In the end she died without my youngest sister and me around her. We had just returned to America after visiting her when she had a stroke. Life did not provide me with an opportunity to be by her bedside with short notice. Until the end her memory was sharp and she remembered that two of her daughters were not with her. Being a physician, I could have stopped the pokes and punctures, spared her from the pain of being tethered to the tubes and machines, and the uselessness of the last-minute efforts to keep her on a respirator. I would like to have held her hand and let her know one more time, how much I loved her.
She remains in my thoughts, a lot at times. More so since I’m passing through that stage in life when you begin to reflect on how your mother handled her own late age issues.
I used to be plagued by the questions on the origin of the universe to which the scientists do not have an answer yet.
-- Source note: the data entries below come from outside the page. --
Definition ordered_blocks k (W : 'I_k -> {set 'I_n}) : Prop :=
  forall i j : 'I_k, i < j -> forall x y, x \in W i -> y \in W j -> x < y.

Lemma ordered_blocks_disjoint k (W : 'I_k -> {set 'I_n}) (i j : 'I_k) :
  ordered_blocks W -> i < j -> [disjoint W i & W j].
Proof.
move=> ordW lt_ij; rewrite disjoint_subset; apply/subsetP => x xi; apply/negP => xj.
by have := ordW _ _ lt_ij _ _ xi xj; rewrite ltnn.
Qed.

Lemma ordered_blocks_of_set k s (X : {set 'I_n}) : k * s <= #|X| ->
  exists W : 'I_k -> {set 'I_n},
    [/\ ordered_blocks W, forall j, W j \subset X & forall j, #|W j| = s].
Proof.
move=> le_ksX; have [X0|[x0 _]] := set_0Vmem X.
  exists (fun=> set0); split=> [i j _ x y||j]; rewrite ?inE ?sub0set ?cards0 //.
  move: le_ksX; rewrite X0 cards0 leqn0 muln_eq0 => /orP[/eqP k0|/eqP-> //].
  by case: j; rewrite k0.
pose e := [seq x <- ord_enum n | x \in X].
have e_uniq : uniq e := filter_uniq _ (ord_enum_uniq n).
have size_e : size e = #|X|.
  rewrite -(card_uniqP e_uniq); apply: eq_card => x.
  by rewrite mem_filter mem_ord_enum andbT.
have e_sorted : sorted (fun x y : 'I_n => x < y) e.
  apply: sorted_filter; first by move=> ? ? ?; apply: ltn_trans.
  by have := iota_ltn_sorted 0 n; rewrite -val_ord_enum sorted_map.
have e_idx (j : 'I_k) (i : 'I_s) : j * s + i < size e.
  by rewrite size_e; apply: leq_trans le_ksX; have := ltn_ord i; have := ltn_ord j; nia.
exists (fun j => [set nth x0 e (j * s + i) | i : 'I_s]); split.
- move=> i j lt_ij x y /imsetP[i1 _ ->] /imsetP[j1 _ ->].
  apply: (sorted_ltn_nth (fun _ _ _ => @ltn_trans _ _ _) x0 e_sorted).
  + by rewrite inE e_idx.
  + by rewrite inE e_idx.
  + by have := ltn_ord i1; nia.
- move=> j; apply/subsetP => _ /imsetP[i _ ->].
  by have := mem_nth x0 (e_idx j i); rewrite mem_filter => /andP[].
- move=> j; rewrite card_imset ?card_ord // => i1 i2 /eqP.
  by rewrite nth_uniq ?e_idx // eqn_add2l => /eqP/val_inj.
Qed.

(* For [b = false] this contains [v] itself whenever [v \in B]. *)
Definition nbhd (b : bool) (v : 'I_n) (B : {set 'I_n}) : {set 'I_n} :=
  [set w in B | g v w == b].

Lemma nbhdS b v (P Q : {set 'I_n}) : P \subset Q -> nbhd b v P \subset nbhd b v Q.
Proof.
by move=> PQ; apply/subsetP => w; rewrite !inE => /andP[/(subsetP PQ) -> ->].
Qed.

Lemma nbhd_sub b v (P : {set 'I_n}) : nbhd b v P \subset P.
Proof. by apply/subsetP => w; rewrite inE => /andP[]. Qed.

Lemma nbhdU b v (P Q : {set 'I_n}) : nbhd b v (P :|: Q) = nbhd b v P :|: nbhd b v Q.
Proof. by apply/setP => w; rewrite !inE andb_orl. Qed.

Lemma sum_card_nbhdC b (P Q : {set 'I_n}) :
  \sum_(v in P) #|nbhd b v Q| = \sum_(w in Q) #|nbhd b w P|.
Proof.
rewrite [LHS](double_count _ _ (fun v w => g v w == b)).
by apply: eq_bigr => w _; apply: eq_card => v; rewrite !inE gsym.
Qed.

Definition embeds_in_blocks k (h : rel 'I_k) (W : 'I_k -> {set 'I_n}) : Prop :=
  exists2 phi : 'I_k -> 'I_n,
    forall j, phi j \in W j & forall u v, h u v = g (phi u) (phi v).

Lemma induced_sub_of_blocks k (h : rel 'I_k) W :
  ordered_blocks W -> embeds_in_blocks h W -> induced_ordered_sub h g.
Proof.
move=> ordW [phi phiW phiE]; exists phi; split=> // u v lt_uv.
exact: ordW lt_uv _ _ (phiW u) (phiW v).
Qed.

Lemma free_size_gt0 k (h : rel 'I_k) : ~ induced_ordered_sub h g -> 0 < k.
Proof.
case: k h => // h []; have phi : 'I_0 -> 'I_n by case.
by exists phi; split; case.
Qed.

Lemma embeds_in_blocks_cons k (h : rel 'I_k.+1) (W : 'I_k.+1 -> {set 'I_n}) v
    (W' : 'I_k -> {set 'I_n}) :
  simple_graph h -> v \in W ord0 ->
  (forall j, W' j \subset nbhd (h ord0 (lift ord0 j)) v (W (lift ord0 j))) ->
  embeds_in_blocks (tail_rel h) W' -> embeds_in_blocks h W.
Proof.
move=> [hirr hsym] vW W'nbhd [phi phiW phiE].
have phi_nbhd j : phi j \in nbhd (h ord0 (lift ord0 j)) v (W (lift ord0 j)).
  exact: subsetP (W'nbhd j) _ (phiW j).
exists (fun i => if unlift ord0 i is Some j then phi j else v) => [i|x y].
  by case: unliftP => [j ->|-> //]; move: (phi_nbhd j); rewrite inE => /andP[].
case: unliftP => [i ->|->]; case: unliftP => [j ->|->]; rewrite ?hirr ?girr //.
- exact: phiE.
- by move: (phi_nbhd i); rewrite inE hsym gsym => /andP[_ /eqP].
- by move: (phi_nbhd j); rewrite inE => /andP[_ /eqP].
Qed.

Section ThinPairs.
Variables (q a : nat) (X : {set 'I_n}).
Hypotheses (q_gt0 : 0 < q) (a_gt0 : 0 < a).

Definition thin_pair k (A B : {set 'I_n}) (b : bool) : Prop :=
  [/\ A :|: B \subset X, [disjoint A & B], #|B| <= k * #|A|, a <= #|B|
    & forall v, v \in A -> q * #|nbhd b v B| < #|B|].

Lemma embed_or_thin_pair k (h : rel 'I_k) (W : 'I_k -> {set 'I_n}) :
  simple_graph h -> ordered_blocks W -> (forall j, W j \subset X) ->
  (forall j, #|W j| = q ^ k * a) ->
  embeds_in_blocks h W \/ exists A B b, thin_pair k A B b.
Proof.
elim: k h W => [|k IH] h W hs ordW WX cardW.
  left; have phi : 'I_0 -> 'I_n by case.
  by exists phi; case.
pose Wt j := W (lift ord0 j); pose ht j := h ord0 (lift ord0 j).
pose C v j := nbhd (ht j) v (Wt j).
pose F j := [set v in W ord0 | q * #|C v j| < #|Wt j|].
have cardWt j : #|Wt j| = #|W ord0| by rewrite /Wt !cardW.
(* Either a large part of the first block is badly connected to some later
   block, which is a thin pair, or some v in it is correctly adjacent to a 1/q
   fraction of every later block: map the first vertex of h to v and recurse on
   these fractions. *)
have FW0 j : F j \subset W ord0 by apply/subsetP => v; rewrite inE => /andP[].
have [j leWF|smallF] := pickP (fun j => #|W ord0| <= k * #|F j|).
  right; exists (F j), (Wt j), (ht j); split.
  - by rewrite subUset WX (subset_trans (FW0 j)).
  - by apply: disjointWl (FW0 j) (@ordered_blocks_disjoint _ W ord0 (lift ord0 j) ordW _).
  - by rewrite cardWt (leq_trans leWF) // leq_mul2r leqnSn orbT.
  - by rewrite /Wt cardW leq_pmull // expn_gt0 q_gt0.
  - by move=> v; rewrite inE => /andP[].
have W0_gt0 : 0 < #|W ord0| by rewrite cardW muln_gt0 expn_gt0 q_gt0.
have [v vW vF] : exists2 v, v \in W ord0 & forall j, v \notin F j.
  by apply: exists_notin_bigcup => // j; rewrite card_ord ltnNge smallF.
have largeC j : q ^ k * a <= #|C v j|.
  by have := vF j; rewrite inE vW -leqNgt cardWt cardW expnS -mulnA leq_pmul2l.
pose W' j := take_set (q ^ k * a) (C v j).
have W'Wt j : W' j \subset Wt j := subset_trans (take_set_sub _ _) (nbhd_sub _ _ _).
have [||||embW'|[A [B [b [ABX dAB leBA aB thinAB]]]]] := IH (tail_rel h) W'.
- exact: simple_graph_tail.
- move=> i j lt_ij x y /(subsetP (W'Wt i)) xW /(subsetP (W'Wt j)) yW.
  by apply: ordW xW yW; rewrite /= /bump !leq0n.
- by move=> j; apply: subset_trans (W'Wt j) (WX _).
- by move=> j; rewrite card_take_set.
- by left; apply: embeds_in_blocks_cons hs vW (fun j => take_set_sub _ _) embW'.
- right; exists A, B, b; split=> //.
  by apply: leq_trans leBA _; rewrite leq_mul2r leqnSn orbT.
Qed.

End ThinPairs.

Fixpoint sparse_chain (b : bool) (m : nat) (X : {set 'I_n}) (s : seq {set 'I_n}) : Prop :=
  if s is A :: s' then
    exists2 B, [/\ A :|: B \subset X, [disjoint A & B], m <= #|A|
                 & forall v, v \in A -> #|nbhd b v B| < m]
             & sparse_chain b m B s'
  else True.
Now I’m intrigued by the origin of life and where we go after death, just as Democritus and Plato tried 2,000 years ago. In a nutshell, the progress we had made since Plato can be reduced to the fact that the littlest particle that’s important is the atom for sure, vital information contained in the DNA to be more specific. In The Universe In A Nutshell Professor Hawking helps us understand the generalities, but what happened to my mother’s DNA and soul after her death remain unanswered.
I’m one of those who believe in rebirth; probably it’s just one of those convenient myths. The way I see it, to die is an opportunity to redefine oneself and be perfected before rebirth. I visualize my mother’s DNA entity happily traversing the space between the stars and the galaxies, finally settling back on earth somewhere to be reborn as a modern woman.